Following Toby Keith’s death, doctors warn that stomach cancer warning signs are easy to miss


“Many of these things are relatively harmless. But, of course, that’s how cancer kills you,” said Dr. Fabian Johnston, division chief of gastrointestinal oncology at Johns Hopkins.

Toby Keith cancer

Following Toby Keith’s death, doctors warn that stomach cancer warning signs are easy to miss. Doctors say symptoms don’t often appear immediately, but frequent signs include heartburn or acid reflux.

Toby Keith, 62, succumbed to stomach cancer on Monday night, two years after his diagnosis.

Keith revealed on X in June 2022 that he was diagnosed in the autumn of 2021 and had already undergone chemotherapy, radiation, and surgery.

Then, in June of last year, he informed The Oklahoman newspaper in Oklahoma City that his tumour had decreased by one-third and that he was still receiving chemotherapy. He also said he received immunotherapy, which is medicine that helps the immune system attack cancer cells.

His death has prompted doctors to issue renewed warnings about stomach cancer symptoms such as heartburn, acid reflux, anaemia, nausea, ulcers, pain after eating, abrupt weight loss, or feeling full after eating small amounts.

“Many of these things are relatively harmless. But, of course, that’s how cancer kills you,” said Dr. Fabian Johnston, division chief of gastrointestinal oncology at Johns Hopkins.

Doctors and patients may be tempted to write off symptoms like acid reflux as unimportant, according to Johnston, which can cause a delay in diagnosis. He stated that by the time symptoms occur, many people had a severe disease.

The typical age of diagnosis is 68, with men at a slightly higher risk.

Despite being relatively rare, stomach cancer is predicted to have approximately 27,000 new cases diagnosed this year, accounting for only 1.5% of all new malignancies diagnosed in the United States each year, according to the American Cancer Society.

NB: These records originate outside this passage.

(* The two maximal factors covering the positions of a mismatch have different
   cover labels, hence different starts or signs. *)
Lemma card_max_dyck_set_gt1 : mismatches w <> 0%N -> (1 < #|max_dyck_set w|)%N.
Proof.
move=> /mismatches_neq0[k hk same].
have [i [j [s [hm _ lab]]]] := max_dyck_factor_cover hw hbal (ltnW hk).
have [i' [j' [s' [hm' _ lab']]]] := max_dyck_factor_cover hw hbal hk.
have [x xA [xi _ xs]] := max_dyck_setP hm; have [y yA [yi _ ys]] := max_dyck_setP hm'.
apply/card_gt1P; exists x, y; split => //; apply/eqP => exy.
apply: (cover_label_mismatch hw hk same).
by rewrite -lab -lab' -xi -xs -yi -ys exy.
Qed.

Lemma card_max_dyck_set_le1 : mismatches w = 0%N -> (#|max_dyck_set w| <= 1)%N.
Proof.
move=> halt; pose x0 : occurrence w := (ord0, (ord_max, nth 0 w 0 == 1)).
rewrite -(cards1 x0) subset_leq_card //; apply/fintype.subsetP => -[i [j s]].
rewrite !inE /= => /(alternating_max_dyck_factor hw hbal halt) [hi hj ->].
by apply/eqP; congr (_, (_, _)); apply: val_inj.
Qed.
End MaxDyckSet.

Local Open Scope ring_scope.

Section PowerSums.
Variables (R : realType) (a : R).
Hypothesis ha : 0 < a < 1.

Lemma mulr_powRB1_le (x M : R) : 0 < x <= M -> x * M `^ (a - 1) <= x `^ a.
Proof.
case/andP: ha => a0 a1 /andP[x0 xM].
rewrite -(mulr_powRB1 (ltW x0) a0) ler_wpM2l ?(ltW x0) // -opprB !powRN.
rewrite lef_pV2 ?posrE ?powR_gt0 //; last by lra.
by apply: ge0_ler_powR; rewrite ?nnegrE; lra.
Qed.

Variables (T : finType) (A : {set T}) (c : T -> nat).
Let N := (\sum_(x in A) c x)%N.

Lemma sum_powR_ge :
  (1 + N%:R) `^ (a - 1) * (#|A|%:R + N%:R) <= \sum_(x in A) (1 + (c x)%:R) `^ a.
Proof.
have -> : #|A|%:R + N%:R = \sum_(x in A) (1 + (c x)%:R) :> R.
  by rewrite big_split /= sumr_const /N natr_sum.
rewrite mulr_sumr; apply: ler_sum => x xA; rewrite mulrC; apply: mulr_powRB1_le.
by rewrite ltr_pwDl ?ler0n // lerD2l ler_nat /N (bigD1 x) //= leq_addr.
Qed.

Lemma powR_le_powR_sum m : (m <= N)%N ->
  (1 + m%:R) `^ a <= (1 + N%:R) `^ (a - 1) * (1 + N%:R).
Proof.
have [a0 _] := andP ha; move=> hm; rewrite mulrC mulr_powRB1 ?addr_ge0 ?ler0n //.
by apply: ge0_ler_powR; rewrite ?nnegrE ?addr_ge0 ?ler0n ?lerD2l ?ler_nat ?ltW.
Qed.

Lemma powR_le_sum_powR m : (m <= N)%N -> (0 < #|A|)%N ->
  (1 + m%:R) `^ a <= \sum_(x in A) (1 + (c x)%:R) `^ a.
Proof.
move=> hm hA; apply: le_trans (powR_le_powR_sum hm) (le_trans _ sum_powR_ge).
by rewrite ler_wpM2l ?powR_ge0 // lerD2r ler1n.
Qed.

Lemma powR_lt_sum_powR m : (m <= N)%N -> (1 < #|A|)%N ->
  (1 + m%:R) `^ a < \sum_(x in A) (1 + (c x)%:R) `^ a.
Proof.
move=> hm hA; apply: le_lt_trans (powR_le_powR_sum hm) (lt_le_trans _ sum_powR_ge).
have N1 : 0 < 1 + N%:R :> R by rewrite ltr_pwDl ?ler0n.
by rewrite ltr_pM2l ?powR_gt0 // ltrD2r ltr1n.
Qed.

Lemma sum_powR_le_card K : (forall x, x \in A -> (c x <= K)%N) ->
  \sum_(x in A) (1 + (c x)%:R) `^ a <= #|A|%:R * (1 + K%:R) `^ a.
Proof.
have [a0 _] := andP ha; move=> hc; rewrite mulr_natl -sumr_const; apply: ler_sum => x xA.
by apply: ge0_ler_powR; rewrite ?nnegrE ?addr_ge0 ?ler0n ?lerD2l ?ler_nat ?hc ?ltW.
Qed.
End PowerSums.

Unset Implicit Arguments.

Theorem lemma2 (R : realType) (alpha : R) (n : nat) (w : seq nat) :
  0 < alpha < 1 -> (1 <= n)%N -> config (2 * n) w ->
  [/\ (1 + n%:R) `^ alpha <= phi alpha w,
      phi alpha w <= (2 * n)%:R `^ (alpha + 1)
    & phi alpha w = (1 + n%:R) `^ alpha <-> mismatches w = 0%N].
Proof.
move=> ha hn /and3P[/eqP hsize hw /eqP hbal].
have ones : count_mem 1 w = n by have := word_count hw; rewrite hsize hbal; lia.
have ones_le (x : occurrence w) : (factor_ones x <= n)%N.
  by rewrite -ones /factor_ones count_factor_le.
have ones_ge : (n <= \sum_(x in max_dyck_set w) factor_ones x)%N.
  by rewrite -ones count_le_sum_factor_ones.
have nonempty : (0 < #|max_dyck_set w|)%N by apply: card_max_dyck_set_gt0; lia.
have lower := powR_le_sum_powR ha ones_ge nonempty.
have upper := sum_powR_le_card ha (A := max_dyck_set w) (fun x _ => ones_le x).
rewrite phiE; split => //.
- apply: le_trans upper _; have pos2n : 0 < (2 * n)%:R :> R by rewrite ltr0n; lia.
  rewrite powRD ?(gt_eqF pos2n) ?implybT // powRr1 ?ler0n // [leRHS]mulrC.
  apply: ler_pM; rewrite ?ler0n ?powR_ge0 //.
    by rewrite ler_nat -hsize card_max_dyck_set_le.
  apply: ge0_ler_powR; rewrite ?nnegrE ?addr_ge0 ?ler0n //; first by case/andP: ha => /ltW.
  by rewrite -(natrD _ 1) ler_nat; lia.
- split => [eq_lower | /(card_max_dyck_set_le1 hw hbal) single].
  + have [//|/eqP /(card_max_dyck_set_gt1 hw hbal) many] := eqVneq (mismatches w) 0%N.
    by have := powR_lt_sum_powR ha ones_ge many; rewrite eq_lower ltxx.
  + apply/le_anti; rewrite lower andbT (le_trans upper) //.
    by rewrite -[leRHS]mul1r ler_wpM2r ?powR_ge0 // lern1.
Qed.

Over the previous ten years, the overall rate of stomach cancer diagnoses has decreased modestly. However, rates among people under 50 are increasing for unknown reasons.

“There’s something going on—something we’re eating, something we’re ingesting—some combination of modern and contemporary factors that’s resulting in these increased cancers in young people,” said Dr. Ben Schlechter, a gastrointestinal medical oncologist at Dana-Farber Cancer Institute in Boston.

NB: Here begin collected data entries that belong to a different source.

(* Let $G$ be a finite simple graph with initial configuration $c_0:V(G)\to\mathbb{Z}$, and $(c_t)_{t\ge0}$ the configurations of the diffusion process. If there exists a constant $M$ such that $|c_t(u)-c_t(v)|\leq M$ for all adjacent $u,v$ and all $t\geq 0$, then the chip configurations are eventually periodic.
   Context: Diffusion process: $c_{t+1}(u)=c_t(u)-|\{w\in N(u): c_t(u)>c_t(w)\}|+|\{w\in N(u): c_t(u)<c_t(w)\}|$ for all $u$ simultaneously. Eventually periodic means there exist $t\ge0$, $p\ge1$ with $c_{t+p}=c_t$. *)

From mathcomp Require Import all_boot all_order all_algebra.
Set Implicit Arguments. Unset Strict Implicit. Unset Printing Implicit Defensive.
Import Order.TTheory GRing.Theory Num.Theory.
Local Open Scope ring_scope.

Definition simple_graph (T : finType) (e : rel T) : Prop :=
  symmetric e /\ irreflexive e.

Definition diffuse_step (T : finType) (e : rel T) (c : T -> int) : T -> int :=
  fun u => c u - (#|[pred w | e u w && (c w < c u)]|)%:Z
               + (#|[pred w | e u w && (c u < c w)]|)%:Z.

Definition config (T : finType) (e : rel T) (c0 : T -> int) (t : nat) : T -> int :=
  iter t (diffuse_step e) c0.

Definition eventually_periodic (T : finType) (e : rel T) (c0 : T -> int) : Prop :=
  exists t p : nat, (1 <= p)%N /\ config e c0 (t + p) = config e c0 t.

(* Chips are conserved on every connected component, because each edge moves
   one chip from its richer to its poorer endpoint.  If differences along edges
   stay bounded by M, then on a component C every value c_t(u) differs from the
   average of c_t over C by at most M times a path length, and this average is
   the constant sum of c_0 over C divided by |C|.  So all configurations lie in
   a finite set, and by the pigeonhole principle two of them coincide. *)

From mathcomp Require Import all_boot all_order all_algebra zify.
From Stdlib Require Import FunctionalExtensionality.

Set Implicit Arguments.
Unset Strict Implicit.
Unset Printing Implicit Defensive.
Import Order.TTheory GRing.Theory Num.Theory.
Local Open Scope ring_scope.

Definition edge_bounded (T : finType) (e : rel T) (M : int) (f : T -> int) :=
  forall u v, e u v -> `|f u - f v| <= M.

Lemma configS (T : finType) (e : rel T) c0 t :
  config e c0 t.+1 = diffuse_step e (config e c0 t).
Proof. exact: iterS. Qed.

Section Conservation.

Variables (T : finType) (e : rel T) (C : {pred T}).
Hypotheses (e_sym : symmetric e) (C_closed : closed e C).

Lemma card_adj_closed (P : pred T) w : w \in C ->
  #|[pred x | e w x && P x]| = (\sum_(x in C) (e w x && P x))%N.
Proof.
move=> wC; rewrite -sum1_card big_mkcond [RHS]big_mkcond /=.
apply: eq_bigr => x _; rewrite inE.
case: (boolP (e w x)) => /= [wx | _]; last by case: (x \in C).
by rewrite -(C_closed wx) wC; case: (P x).
Qed.

Lemma sum_card_adj_swap (r : rel T) :
  (\sum_(w in C) #|[pred x | e w x && r w x]| =
   \sum_(w in C) #|[pred x | e w x && r x w]|)%N.
Proof.
rewrite (eq_bigr _ (fun w wC => card_adj_closed (r w) wC)).
rewrite (eq_bigr _ (fun w wC => card_adj_closed (r^~ w) wC)) exchange_big /=.
by apply: eq_bigr => w _; apply: eq_bigr => x _; rewrite e_sym.
Qed.

Lemma sum_diffuse_step_closed (c : T -> int) :
  \sum_(w in C) diffuse_step e c w = \sum_(w in C) c w.
Proof.
rewrite /diffuse_step big_split sumrB /= -!(big_morph Posz PoszD (erefl 0%:Z)).
by rewrite (sum_card_adj_swap (fun w x => c w < c x)) subrK.
Qed.

Lemma sum_config_closed c0 t :
  \sum_(w in C) config e c0 t w = \sum_(w in C) c0 w.
Proof. by elim: t => // t IH; rewrite configS sum_diffuse_step_closed. Qed.

End Conservation.

Section EdgeBounded.

Variables (T : finType) (e : rel T) (M : int).

Lemma edge_bounded_path f x p : edge_bounded e M f -> path e x p ->
  `|f x - f (last x p)| <= M *+ size p.
Proof.
move=> fM; elim: p x => [|y p IH] x /=; first by rewrite subrr normr0.
case/andP=> xy yp; apply: le_trans (ler_distD (f y) _ _) _.
by rewrite mulrS lerD ?fM ?IH.
Qed.

Lemma edge_bounded_connect u w : connect e u w ->
  exists n, forall f, edge_bounded e M f -> `|f u - f w| <= M *+ n.
Proof.
case/connectP=> p up ->; exists (size p) => f fM.
exact: edge_bounded_path.
Qed.

End EdgeBounded.

Lemma uniformly_bounded_fin (T : finType) (f : T -> nat -> int) :
  (forall x, exists K : int, forall t, `|f x t| <= K) ->
  exists N : nat, forall x t, `|f x t| <= N%:Z.
Proof.
case/fin_all_exists=> K fK; exists (\max_x absz (K x))%N => x t.
have := @leq_bigmax _ (fun x => absz (K x)) x; have := fK x t; lia.
Qed.

Lemma exists_repeat (A : finType) (g : nat -> A) :
  exists i j, (i < j)%N /\ g i = g j.
Proof.
pose h (i : 'I_#|A|.+1) := g i.
have /injectivePn[i [j ij hij]] : ~~ injectiveb h.
  by apply/injectiveP => /leq_card; rewrite card_ord ltnn.
case: (ltngtP i j) => [lt_ij | lt_ji | eq_ij]; first by exists i, j.
  by exists j, i.
by case/negP: ij; apply/eqP/val_inj.
Qed.

Section Diffusion.

Variables (T : finType) (e : rel T) (c0 : T -> int).

Lemma config_bounded_vertex (M : int) u :
  symmetric e -> (forall t, edge_bounded e M (config e c0 t)) ->
  exists K : int, forall t, `|config e c0 t u| <= K.
Proof.
move=> e_sym cM; set C := connect e u.
have /fin_all_exists[n un] : forall w, exists n : nat, connect e u w ->
    forall f, edge_bounded e M f -> `|f u - f w| <= M *+ n.
  move=> w; case: (boolP (connect e u w)) => [uw | _]; last by exists 0%N.
  by have [n un] := edge_bounded_connect M uw; exists n.
exists (\sum_(w in C) M *+ n w + `|\sum_(w in C) c0 w|) => t.
set c := config e c0 t.
have C_gt0 : (0 < #|C|)%N by apply/card_gt0P; exists u; apply: connect0.
have cuC : c u *+ #|C| = \sum_(w in C) (c u - c w) + \sum_(w in C) c0 w.
  rewrite -(sum_config_closed e_sym (connect_closed (sym_connect_sym e_sym) u) c0 t).
  by rewrite -big_split -sumr_const; apply: eq_bigr => w _; rewrite /= subrK.
apply: (le_trans (y := `|c u *+ #|C| |)).
  by rewrite normrMn -(prednK C_gt0) mulrS lerDl mulrn_wge0.
rewrite cuC; apply: le_trans (ler_normD _ _) _; rewrite lerD2r.
apply: le_trans (ler_norm_sum _ _ _) _.
by apply: ler_sum => w uw; exact: (un w uw c (cM t)).
Qed.

Lemma eventually_periodic_bounded (N : nat) :
  (forall u t, `|config e c0 t u| <= N%:Z) -> eventually_periodic e c0.
Proof.
move=> cN.
pose code t : {ffun T -> 'I_(N + N).+1} :=
  [ffun u => inord (absz (config e c0 t u + N%:Z))].
have [i [j [lt_ij code_ij]]] := exists_repeat code.
exists i, (j - i)%N; split; first by rewrite subn_gt0.
rewrite subnKC ?(ltnW lt_ij) //; apply: functional_extensionality => u.
have := congr1 (fun f : {ffun T -> 'I_(N + N).+1} => val (f u)) code_ij.
rewrite !ffunE /= !inordK.
- by have := cN u i; have := cN u j; lia.
- by have := cN u j; lia.
- by have := cN u i; lia.
Qed.

End Diffusion.

Theorem lemma4 (T : finType) (e : rel T) (c0 : T -> int) :
  simple_graph e ->
  (exists M : int, forall (t : nat) (u v : T), e u v ->
      `|config e c0 t u - config e c0 t v| <= M) ->
  eventually_periodic e c0.
Proof.
move=> [e_sym _] [M cM].
have [N cN] := uniformly_bounded_fin (f := fun u t => config e c0 t u)
  (fun u => config_bounded_vertex u e_sym cM).
exact: eventually_periodic_bounded cN.
Qed.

According to Schlechter, although tobacco and alcohol were historically major causes of stomach cancer, they are now linked to a small percentage of instances in the United States, maybe as a result of reduced smoking rates.

Instead, many new cases are discovered in people with chronic acid reflux or infections with the bacterium Helicobacter pylori, which can cause stomach inflammation. Scientists have yet to determine why some patients with those illnesses get stomach cancer while the majority do not.

For many patients right now, “it’s a disease of bad luck,” Schlechter explained. “Perhaps there is a link with H. pylori infection.” There may be a history of heartburn or reflux, but it is not always evident.”

Schlechter stated that stomach cancer is often more aggressive than other malignancies.

“This does not imply that people are about to die. It only means that the tools we have to treat them are restricted,” he explained. “People do pretty well compared to 15 years ago, but we are hardly at the level of, say, breast cancer, where the commanding majority of people are cured with surgery and chemotherapy and things like that.”

Adenocarcinomas, which begin in the stomach’s innermost lining, account for up to 95% of all stomach malignancies in the United States. From there, the cancer could migrate to the stomach wall, stomach body, or lymph nodes.

Dr. Rutika Mehta, a medical oncologist in the Gastrointestinal Oncology Programme at the Moffitt Disease Centre in Tampa, Florida, said that patients whose disease has not spread frequently undertake or receive chemotherapy, immunotherapy, or a combination of these treatments.

“In more advanced cases, we are not yet at a point where we can offer patients a ‘cure,'” Mehta noted in an email. She did, however, mention that chemotherapy or immunotherapy could help people live longer lives.

Doctors are also becoming better at matching patients to therapies that target specific proteins associated with stomach cancer. For example, some stomach tumours contain HER2, a gene similarly associated with breast cancer.

“Drugs that act in HER2 breast cancer can also work in HER2 gastric cancer. So we can now offer those medications to folks with stomach cancer and significantly increase the benefit of treatment,” Schlechter added.

Though the disease’s prognosis is “generally poor,” he says they’re “much better than they used to be.”